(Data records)
○ ○ ○ ○
Lemma gen_pgf0 y : gen_pgf 0 y = y.
Proof.
rewrite -{2}(Eprod_cst (I := Node b d n) (binw_sum1 (Lam b d) p) y).
apply: eq_Eprod => F; rewrite (eq_bigr (fun=> y)) => [|t _]; last by rewrite tuple0.
by rewrite prodr_const card_tuple expr1.
Qed.

Lemma gen_pgfS m y : (m < n)%N -> gen_pgf m.+1 y = gen_pgf m (binom_pgf p N y).
Proof.
move=> lt_mn; rewrite /gen_pgf.
transitivity (E (fun F => \prod_(t : m.-tuple (Lam b d)) (if val t \in Tgen F m then
   \prod_j (if j \in F (node_of lt_mn t) then y else 1) else 1))).
  apply: eq_Eprod => F; rewrite big_tuple_rcons; apply: eq_bigr => t _.
  case: ifP => tT; last by rewrite big1 // => j _; rewrite mem_Tgen_rcons tT.
  by apply: eq_bigr => j _; rewrite mem_Tgen_rcons tT (Woff_node_of lt_mn).
rewrite Eprod_branching => [|t F G eFG]; last first.
  by rewrite eFG // inE take_oversize ?size_tuple.
apply: eq_Eprod => F; apply: eq_bigr => t _; case: ifP => // _.
pose phi (B : {set Lam b d}) := \prod_j (if j \in B then y else 1).
by rewrite (Eprod_coord (binw_sum1 _ p) (node_of lt_mn t) phi) binw_pgf.
Qed.

Lemma gen_pgf_iter m y : (m <= n)%N -> gen_pgf m y = iter m (binom_pgf p N) y.
Proof.
elim: m y => [|m IH] y le_mn; first exact: gen_pgf0.
by rewrite gen_pgfS // IH 1?ltnW // iterSr.
Qed.

End GenerationPgf.

Lemma Pempty_iter (R : realType) b d (p : R) m :
  Pempty b d p m = iter m (binom_pgf p #|Lam b d|) 0.
Proof.
rewrite -(@gen_pgf_iter _ b d m) // /Pempty /gen_pgf /Eprod big_mkcond /=.
apply: eq_bigr => F _; rewrite Tgen_nilE.
have -> : \prod_(t : m.-tuple (Lam b d)) (if val t \in Tgen F m then 0 else 1) =
          [forall t : m.-tuple (Lam b d), val t \notin Tgen F m]%:R :> R.
  by rewrite natr_forall; apply: eq_bigr => t _; case: ifP.
by case: ifP; rewrite ?mulr1 ?mulr0.
Qed.

Section TwoLevelSubtrees.
Variables (R : realType) (b d m : nat).
Local Notation N := #|Lam b d|.
Local Notation Conf := (Conf b d m.+2).

Definition subtree_in (F : Conf) (a : m.-tuple (Lam b d)) : bool :=
  [forall x, forall y, rcons (rcons (val a) x) y \in Tgen F m.+2].

Definition extend2 (a : m.-tuple (Lam b d)) x y : m.+2.-tuple (Lam b d) :=
  [tuple of rcons (rcons a x) y].

Definition full_two_levels (F : Conf) (a : seq (Lam b d)) : bool :=
  (Woff F a == [set: Lam b d]) && [forall x, Woff F (rcons a x) == [set: Lam b d]].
○ ○ ○ ○
Task details —
This calls for repeating all of the records, character for character.

Completed task —
Lemma gen_pgf0 y : gen_pgf 0 y = y.
Proof.
rewrite -{2}(Eprod_cst (I := Node b d n) (binw_sum1 (Lam b d) p) y).
apply: eq_Eprod => F; rewrite (eq_bigr (fun=> y)) => [|t _]; last by rewrite tuple0.
by rewrite prodr_const card_tuple expr1.
Qed.

Lemma gen_pgfS m y : (m < n)%N -> gen_pgf m.+1 y = gen_pgf m (binom_pgf p N y).
Proof.
move=> lt_mn; rewrite /gen_pgf.
transitivity (E (fun F => \prod_(t : m.-tuple (Lam b d)) (if val t \in Tgen F m then
   \prod_j (if j \in F (node_of lt_mn t) then y else 1) else 1))).
  apply: eq_Eprod => F; rewrite big_tuple_rcons; apply: eq_bigr => t _.
  case: ifP => tT; last by rewrite big1 // => j _; rewrite mem_Tgen_rcons tT.
  by apply: eq_bigr => j _; rewrite mem_Tgen_rcons tT (Woff_node_of lt_mn).
rewrite Eprod_branching => [|t F G eFG]; last first.
  by rewrite eFG // inE take_oversize ?size_tuple.
apply: eq_Eprod => F; apply: eq_bigr => t _; case: ifP => // _.
pose phi (B : {set Lam b d}) := \prod_j (if j \in B then y else 1).
by rewrite (Eprod_coord (binw_sum1 _ p) (node_of lt_mn t) phi) binw_pgf.
Qed.

Lemma gen_pgf_iter m y : (m <= n)%N -> gen_pgf m y = iter m (binom_pgf p N) y.
Proof.
elim: m y => [|m IH] y le_mn; first exact: gen_pgf0.
by rewrite gen_pgfS // IH 1?ltnW // iterSr.
Qed.

End GenerationPgf.

Lemma Pempty_iter (R : realType) b d (p : R) m :
  Pempty b d p m = iter m (binom_pgf p #|Lam b d|) 0.
Proof.
rewrite -(@gen_pgf_iter _ b d m) // /Pempty /gen_pgf /Eprod big_mkcond /=.
apply: eq_bigr => F _; rewrite Tgen_nilE.
have -> : \prod_(t : m.-tuple (Lam b d)) (if val t \in Tgen F m then 0 else 1) =
          [forall t : m.-tuple (Lam b d), val t \notin Tgen F m]%:R :> R.
  by rewrite natr_forall; apply: eq_bigr => t _; case: ifP.
by case: ifP; rewrite ?mulr1 ?mulr0.
Qed.

Section TwoLevelSubtrees.
Variables (R : realType) (b d m : nat).
Local Notation N := #|Lam b d|.
Local Notation Conf := (Conf b d m.+2).

Definition subtree_in (F : Conf) (a : m.-tuple (Lam b d)) : bool :=
  [forall x, forall y, rcons (rcons (val a) x) y \in Tgen F m.+2].

Definition extend2 (a : m.-tuple (Lam b d)) x y : m.+2.-tuple (Lam b d) :=
  [tuple of rcons (rcons a x) y].

Definition full_two_levels (F : Conf) (a : seq (Lam b d)) : bool :=
  (Woff F a == [set: Lam b d]) && [forall x, Woff F (rcons a x) == [set: Lam b d]].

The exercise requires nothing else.